A story of love and racial tension set in Brooklyn as it spans across decades and transforms the lives of Kane’s (Rabbi, Rabbi, 1995) three main characters.
When Joshua Eubanks finds trouble in his predominantly black Bedford-Stuyvesant neighborhood and falls in with the local criminal element, his single mother, Loretta, moves them to the Jewish enclave of Crown Heights. Their new digs are funded by Loretta’s employer, Alfred Sims. His son, Paul, has his own problems: rebelling against his father by devoting himself to the Jewish identity his father long sought to shed. Rachel Weissman is the beautiful daughter of the rabbi who serves as Paul’s religious mentor. Paul is obsessed with Rachel, and Joshua also falls prey to her charms after straightening himself out and getting a job as a janitor in her father’s yeshiva. This could have been a simple love triangle, but Kane is much more ambitious than that; these characters grow up, learn and change over the course of more than three decades. The story is rooted in the personal struggles of each of these characters, but Kane also details the inner workings of the neighborhoods around them, providing important historical context. All three are bullied because of their race, which prevents the narrative from become overly righteous on anyone’s behalf.

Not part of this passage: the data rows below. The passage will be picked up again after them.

Definition sigma (T : 'M[R]_M) (omega : R) : R :=
  \big[Num.max/0]_(l <- spectrum T)
     Num.sqrt (((omega - 1) ^+ 2 + l ^+ 2) / ((omega + 1) ^+ 2 + l ^+ 2)).

Definition posdef (T : 'M[R]_M) : Prop :=
  forall x : 'cV[R]_M, x != 0 -> 0 < (x^T *m T *m x) 0 0.

Definition is_diag_nonneg (D : 'M[R]_M) : Prop :=
  (forall i j : 'I_M, i != j -> D i j = 0) /\ (forall i : 'I_M, 0 <= D i i).

End NASS.

Definition cplx_mx (R : rcfType) m n (A : 'M[R]_(m, n)) : 'M[complex R]_(m, n) :=
  map_mx (fun x : R => x%:C)%C A.

From HB Require Import structures.
From mathcomp Require Import all_boot all_order all_algebra.
From mathcomp Require Import polyrcf complex sesquilinear spectral.
From mathcomp Require Import ring lra.

(* Put P = ωI + 𝒯 and Q = ωI + 𝒟, so that 2ω F_ω = P Q.  The identity
   P Q - 2ω (𝒯 + 𝒟) = (ωI - 𝒯)(ωI - 𝒟) turns every eigenvalue η of F_ω^-1 ℛ into
   the eigenvalue 1 - η of the Cayley product P^-1 (ωI - 𝒯) (ωI - 𝒟) Q^-1.
   As 𝒟 is skew-symmetric, (ωI - 𝒟) Q^-1 is an isometry.  As 𝒯 = I + S with
   S = [0 T; -T 0] skew-symmetric, |x (ωI -+ 𝒯)|^2 = (ω -+ 1)^2 |x|^2 + |x S|^2,
   and in an orthonormal eigenbasis of the symmetric T both sides split into
   terms weighted by (ω -+ 1)^2 + λ^2, λ ∈ λ(T); comparing them term by term gives
   |x P^-1 (ωI - 𝒯)| <= σ(ω) |x|.  Hence |1 - η| <= σ(ω), and σ(ω) < 1 because
   (ω - 1)^2 < (ω + 1)^2. *)

Set Implicit Arguments. Unset Strict Implicit. Unset Printing Implicit Defensive.
Import Order.TTheory GRing.Theory Num.Theory.
Local Open Scope ring_scope.
Local Open Scope sesquilinear_scope.

Local Notation "''[' u ]" := (dotmx u u) : ring_scope.

(* No invertibility is needed: [invmx] is the identity on singular matrices. *)
Lemma shift_invmx_comm (R : comUnitRingType) n (S : 'M[R]_n) (a b : R) :
  (b%:M - S) *m invmx (a%:M + S) = invmx (a%:M + S) *m (b%:M - S).
Proof.
have comm : (a%:M + S) *m (b%:M - S) = (b%:M - S) *m (a%:M + S).
  rewrite !mulmxDl !mulmxDr !mulmxN !mulNmx !mul_scalar_mx !mul_mx_scalar.
  by rewrite !scale_scalar_mx mulrC addrACA [_ - _]addrC.
have [PU|PnU] := boolP (a%:M + S \in unitmx); last by rewrite invmx_out ?inE.
by rewrite -[LHS]mul1mx -(mulVmx PU) -mulmxA (mulmxA _ (b%:M - S)) comm mulmxK.
Qed.

Definition skew_block (V : zmodType) m (A : 'M[V]_m) : 'M[V]_(m + m) :=
  block_mx 0 A (- A) 0.

Lemma NASS_splitting (R : comPzRingType) n (T D : 'M[R]_n) (w : R) :
  (w%:M + T) *m (w%:M + D) - (2 * w) *: (T + D) = (w%:M - T) *m (w%:M - D).
Proof.
rewrite !mulmxDl !mulmxDr !mulmxN !mulNmx opprK !mul_scalar_mx !mul_mx_scalar.
rewrite mulr_natl -scalerMnl mulr2n scalerDr !opprD !addrA.
rewrite (addrAC _ (T *m D)) addrK (addrAC _ (T *m D)) addrK.
by rewrite [RHS]addrAC [in RHS](addrAC (w *: w%:M)) addrAC.
Qed.

Lemma eigenvalue_NASS_cayley (F : fieldType) n (T D : 'M[F]_n) (w eta : F) :
  2 * w != 0 -> w%:M + T \in unitmx -> w%:M + D \in unitmx ->
  eigenvalue (invmx ((2 * w)^-1 *: ((w%:M + T) *m (w%:M + D))) *m (T + D)) eta ->
  eigenvalue (invmx (w%:M + T) *m (w%:M - T) *m ((w%:M - D) *m invmx (w%:M + D)))
    (1 - eta).
Proof.
set P := w%:M + T; set Q := w%:M + D; set G := _ *: (P *m Q).
move=> w2_neq0 PU QU /eigenvalueP[v vE v0].
have GU : G \in unitmx by rewrite unitmxZ ?unitfE ?invr_eq0 // unitmx_mul PU QU.
have cayleyE : invmx P *m (w%:M - T) *m ((w%:M - D) *m invmx Q)
    = 1%:M - (2 * w) *: (invmx P *m (T + D) *m invmx Q).
  rewrite mulmxA -(mulmxA (invmx P)) -NASS_splitting -/P -/Q mulmxBr mulmxBl.
  by rewrite mulmxA mulVmx // mul1mx mulmxV // -scalemxAr -scalemxAl.
have vQP : v *m invmx Q *m invmx P = (2 * w)^-1 *: (v *m invmx G).
  rewrite -{1}(mulmxKV GU v) /G -scalemxAr -!scalemxAl.
  by rewrite !mulmxA mulmxK // mulmxK.
apply/eigenvalueP; exists (v *m invmx Q); last first.
  by apply: contra v0 => /eqP s0; rewrite -(mulmxKV QU v) s0 mul0mx.
rewrite cayleyE mulmxBr mulmx1 scalerBl scale1r -scalemxAr !mulmxA vQP.
by rewrite -!scalemxAl scalerA mulfV // scale1r -(mulmxA v) vE -scalemxAl.
Qed.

The author doesn’t ignore the existence of truly evil intent but instead shows how some of the worst tensions and violence sprout from tragic accidents and mishaps. There are no easy scapegoats, and even some of the more stereotypical characters, like a conservative rabbi and militant black professor, are capable of surprise. At times the rising action snags on some new detail or minor character Kane introduces late in the narrative, but very little here could be considered extraneous.
In revealing the very human side of racial tension, Kane offers up an engaging and heartfelt tale.